Always bathed in that unearthly light whether it be his smile or the sun shining down on him, as if to tell Raito he could still grab hope and keep it close when that shouldn't be possible, when he should have exhausted all of his damn options already and been left to rot.
His side twinges. He can hear the birds chirping outside as he flutters his eyes open, the sun's rays filtering in through the gaps of the boarded warehouse windows.

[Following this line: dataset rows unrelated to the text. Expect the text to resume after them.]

(* Let $l\ge1$ and consider a path graph with vertices $v_0,\dots,v_l$, where $v_i,v_j$ are adjacent iff $|i-j|=1$, whose vertices are each labeled with one of two colors $5$ and $6$. A move consists of choosing two adjacent vertices with the same color and changing the colors of both. If either $l$ is even and $v_0,v_l$ have different colors, or $l$ is odd and $v_0,v_l$ have the same color, then there is a finite sequence of moves after which $v_0$ and $v_l$ have both switched colors and every other vertex has its original color. *)

From HB Require Import structures.
From mathcomp Require Import all_boot.
Set Implicit Arguments. Unset Strict Implicit. Unset Printing Implicit Defensive.

Inductive color := C5 | C6.

Definition swapc (a : color) : color := match a with C5 => C6 | C6 => C5 end.

Definition color_eqb (a b : color) : bool :=
  match a, b with C5, C5 | C6, C6 => true | _, _ => false end.
Lemma color_eqP : Equality.axiom color_eqb.
Proof. by case; case; constructor. Qed.
HB.instance Definition _ := hasDecEq.Build color color_eqP.

(* A coloring of the path v_0, ..., v_l: vertex v_i gets color c i
   (values of c at indices > l are irrelevant and never changed). *)
Definition coloring := nat -> color.

Definition move (l : nat) (c c' : coloring) : Prop :=
  exists i : nat, i < l /\ c i = c i.+1 /\
    forall j : nat, c' j = if (j == i) || (j == i.+1) then swapc (c j) else c j.

Inductive reachable (l : nat) : coloring -> coloring -> Prop :=
| reach_refl c : reachable l c c
| reach_step c c' c'' : move l c c' -> reachable l c' c'' -> reachable l c c''.

(* Let T_a exchange the colours of v_a and v_(a+1) and change both.  When the
   two colours agree T_a is a move, and when they differ T_a is the identity,
   so T_a is always reachable.  Conjugating by T_a shifts the left end of an
   exchange, so by induction on b - a the operation exchanging the colours of
   v_a and v_b, and changing both iff b - a is odd, is reachable.  For a = 0
   and b = l the hypothesis says exactly that this changes both end colours. *)

From Stdlib Require Import FunctionalExtensionality.
From mathcomp Require Import all_boot zify.

Set Implicit Arguments.
Unset Strict Implicit.
Unset Printing Implicit Defensive.

Lemma swapcK : involutive swapc.
Proof. by case. Qed.

Lemma neq_swapc (x y : color) : x <> y -> y = swapc x.
Proof. by case: x; case: y. Qed.

Definition swapc_if (p : bool) (x : color) : color := if p then swapc x else x.

Lemma swapc_if_eq (x y : color) : swapc_if (x == y) y = swapc x.
Proof. by case: x; case: y. Qed.

Lemma reachable_trans l c d e :
  reachable l c d -> reachable l d e -> reachable l c e.
Proof. by elim=> // x y z xy _ IH /IH; apply: reach_step. Qed.

Definition adj_flip (a : nat) (c : coloring) : coloring := fun j =>
  if j == a then swapc (c a.+1) else if j == a.+1 then swapc (c a) else c j.

Lemma adj_flip_id a c : c a <> c a.+1 -> adj_flip a c = c.
Proof.
move=> /neq_swapc ca1; apply: functional_extensionality => j; rewrite /adj_flip.
by case: eqP => [->|_]; [rewrite ca1 swapcK | case: eqP => [->|]].
Qed.

Lemma move_adj_flip l a c : a < l -> c a = c a.+1 -> move l c (adj_flip a c).
Proof.
move=> al ca; exists a; split=> //; split=> // j; rewrite /adj_flip.
by case: (j =P a) => [->|_]; last case: (j =P a.+1) => [->|_]; rewrite ?eqxx ?ca.
Qed.

Lemma reachable_adj_flip l a c : a < l -> reachable l c (adj_flip a c).
Proof.
move=> al; have [ca|ca] := eqVneq (c a) (c a.+1).
  exact: reach_step (move_adj_flip al ca) (reach_refl _ _).
by rewrite adj_flip_id; [apply: reach_refl | apply/eqP].
Qed.

Definition exchange (a b : nat) (c : coloring) : coloring := fun j =>
  if j == a then swapc_if (odd (b - a)) (c b)
  else if j == b then swapc_if (odd (b - a)) (c a) else c j.

Lemma exchange_adj a c : exchange a a.+1 c = adj_flip a c.
Proof. by rewrite /exchange subSnn. Qed.

Lemma exchange_shift a b c :
  a < b -> exchange a b.+1 c = adj_flip a (exchange a.+1 b.+1 (adj_flip a c)).
Proof.
move=> ab; apply: functional_extensionality => j.
have oddS : odd (b.+1 - a) = ~~ odd (b.+1 - a.+1) by rewrite subSS subSn ?(ltnW ab).
have ab0 : a < b.+1 by rewrite ltnS ltnW.
rewrite /exchange /adj_flip oddS !eqxx (ltn_eqF (ltnSn a)) (gtn_eqF (ltnSn a)).
rewrite (gtn_eqF (ab : a.+1 < b.+1)) (ltn_eqF ab0) (gtn_eqF ab0).
case: odd; have [_|_] := eqVneq j a; rewrite ?swapcK //=.
all: by have [->|_] := eqVneq j a.+1; rewrite ?swapcK ?eqSS ?(ltn_eqF ab).
Qed.

Lemma reachable_exchange l a b c : a < b <= l -> reachable l c (exchange a b c).
Proof.
case/andP=> ab; have [k ->] : exists k, b = a + k.+1 by exists (b - a.+1); lia.
elim: k a c {ab} => [|k IH] a c bl.
  by rewrite addn1 exchange_adj; apply: reachable_adj_flip; lia.
have al : a < l by lia.
rewrite addnS exchange_shift; last lia.
apply: reachable_trans (reachable_adj_flip _ al) _.
apply: reachable_trans (reachable_adj_flip _ al).
by rewrite -addSn; apply: IH; lia.
Qed.

Theorem lemma13 (l : nat) (c : coloring) :
  1 <= l ->
  (~~ odd l /\ c 0 <> c l) \/ (odd l /\ c 0 = c l) ->
  exists c' : coloring, reachable l c c' /\
    c' 0 = swapc (c 0) /\ c' l = swapc (c l) /\
    (forall i : nat, 0 < i < l -> c' i = c i).
Proof.
move=> l_gt0 parity; exists (exchange 0 l c).
have odd_l : odd l = (c 0 == c l).
  by case: parity => [[/negbTE -> /eqP/negbTE ->] | [-> ->]]; rewrite ?eqxx.
split; first by apply: reachable_exchange; rewrite l_gt0 leqnn.
rewrite /exchange subn0 eqxx (gtn_eqF l_gt0) eqxx odd_l swapc_if_eq eq_sym.
split=> //; split; first exact: swapc_if_eq.
by move=> i /andP[i_gt0 il]; rewrite (gtn_eqF i_gt0) (ltn_eqF il).
Qed.
Lemma Rpower_hyp_dist0 (t k : R) : -1 < t < 1 ->
  Rpower ((1 + t) / (1 - t)) k = exp (k * hyp_dist0 t) /\
  Rpower ((1 - t) / (1 + t)) k = exp (- (k * hyp_dist0 t)).
Proof.
  intros Ht; unfold Rpower, hyp_dist0; split; [reflexivity |].
  rewrite <- (Rinv_div (1 + t)), ln_Rinv by (apply Rdiv_lt_0_compat; lra).
  f_equal; ring.
Qed.

Lemma in_disk_near (p : C) : in_disk p -> Cnear p in_disk.
Proof.
  intros Hp; apply Cnear_Cmod; exists (1 - Cmod p); split; [unfold in_disk in Hp; lra |].
  intros z Hz; unfold in_disk.
  replace z with (z - p + p)%C by ring.
  generalize (Cmod_triangle (z - p) p); lra.
Qed.

Section LogRatio.

Variables (f1 f2 g1 g2 L : C -> C) (tau : C) (r0 eps M : R).
Hypothesis df : forall z, in_disk z -> cderiv f1 z (f2 z).
Hypothesis dg : forall z, in_disk z -> cderiv g1 z (g2 z).
Hypothesis HLc : cont_on_disk L.
Hypothesis HLexp : forall z, in_disk z -> cexp (L z) = (g1 z / f1 z)%C.

Lemma cderiv_log_ratio (p : C) : in_disk p ->
  cderiv L p (preSchw g1 g2 p - preSchw f1 f2 p)%C.
Proof.
  intros Hp; apply cderiv_log; auto.
  - eapply filter_imp; [| exact (in_disk_near p Hp)].
    intros z Hz; exact (proj2 (cexp_eq_Cdiv _ _ _ (HLexp z Hz))).
  - exact (proj1 (cexp_eq_Cdiv _ _ _ (HLexp p Hp))).
Qed.

Hypothesis HM : M < eps.
Hypothesis Hsup : forall z, r0 < Cmod z < 1 ->
  Cmod (preSchw g1 g2 z - preSchw f1 f2 z) * (1 - Cmod z ^ 2) <= M.

Lemma fst_tau_log_ray_growth (u : C) (r : R) : Cmod u = 1 -> 0 < r0 -> r0 < r < 1 ->
  Rabs (fst (tau * L (RtoC r * u))%C - fst (tau * L (RtoC r0 * u))%C)
    <= Cmod tau * eps / 2 * hyp_dist0 r - Cmod tau * eps / 2 * hyp_dist0 r0.
Proof.
  intros Hu Hr0 Hr.
  assert (Hcu : forall c, 0 <= c -> Cmod (RtoC c * u) = c)
    by (intros c Hc; rewrite Cmod_mult, Hu, Cmod_R, Rabs_right; lra).
  apply (fst_ray_growth (fun w => tau * L w)%C
    (fun w => tau * (preSchw g1 g2 w - preSchw f1 f2 w))%C);
    [exact Hu | lra | apply Hr | apply Hr | |].
  - intros c Hc; apply cderiv_scal, cderiv_log_ratio.
    unfold in_disk; rewrite Hcu; lra.
  - intros c Hc.
    specialize (Hsup (RtoC c * u)%C); rewrite Hcu in Hsup by lra.
    specialize (Hsup ltac:(lra)).
    assert (H1c : 0 < 1 - c ^ 2) by nra.
    rewrite Cmod_mult.
    replace (Cmod tau * eps / 2 * (2 / (1 - c ^ 2))) with (Cmod tau * (eps / (1 - c ^ 2)))
      by (field; lra).
    apply Rmult_le_compat_l; [apply Cmod_ge_0 |].
    apply (Rmult_le_reg_r (1 - c ^ 2)); [exact H1c |].
    unfold Rdiv; rewrite Rmult_assoc, Rinv_l by lra; lra.
Qed.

Raito sits up with a sharp intake of breath that makes his side stitch, the pain bursting forth in the same manner as grass finally peeking through the barren soil after winter and he presses his hand against it just to feel the way his skin burns, e-pulse responding in kind. Blue light glitters like the falling sands of an hourglass once it is turned, the impending ticking of when the last grain will fall through growing brighter and brighter as Raito pulls himself to his feet, bending down to pick up his Tactics jacket to slip it on.
"Keto?" Ketomon hops forward as Raito digs through his satchel and holds out his Sapotama with his right hand, the egg glowing a vivid blue before his partner swallows it whole and Monodramon stands in their place, eyes as bright as the sun. "Raito?" He cocks his head to the side.
Taking out a hair tie, Raito gathers his hair up to tie it back as he starts to walk towards the warehouse doors, right hand beginning to glow more vividly before he steps out into the light, hears his partner's roar as he leaps into the air through the warehouse's broken roof, the crystal on his tail glittering underneath the rays of the sun.
"Alright," he mumbles as Rhamphomon flies in a circle above him before diving down towards him and Raito jumps up in response to land on his back, the wind blowing through his hair as the pterosaur shoots back up into the sky and the clouds part for them, dissolving away.
"It's time to let off some steam—let's go, Rhamphomon!"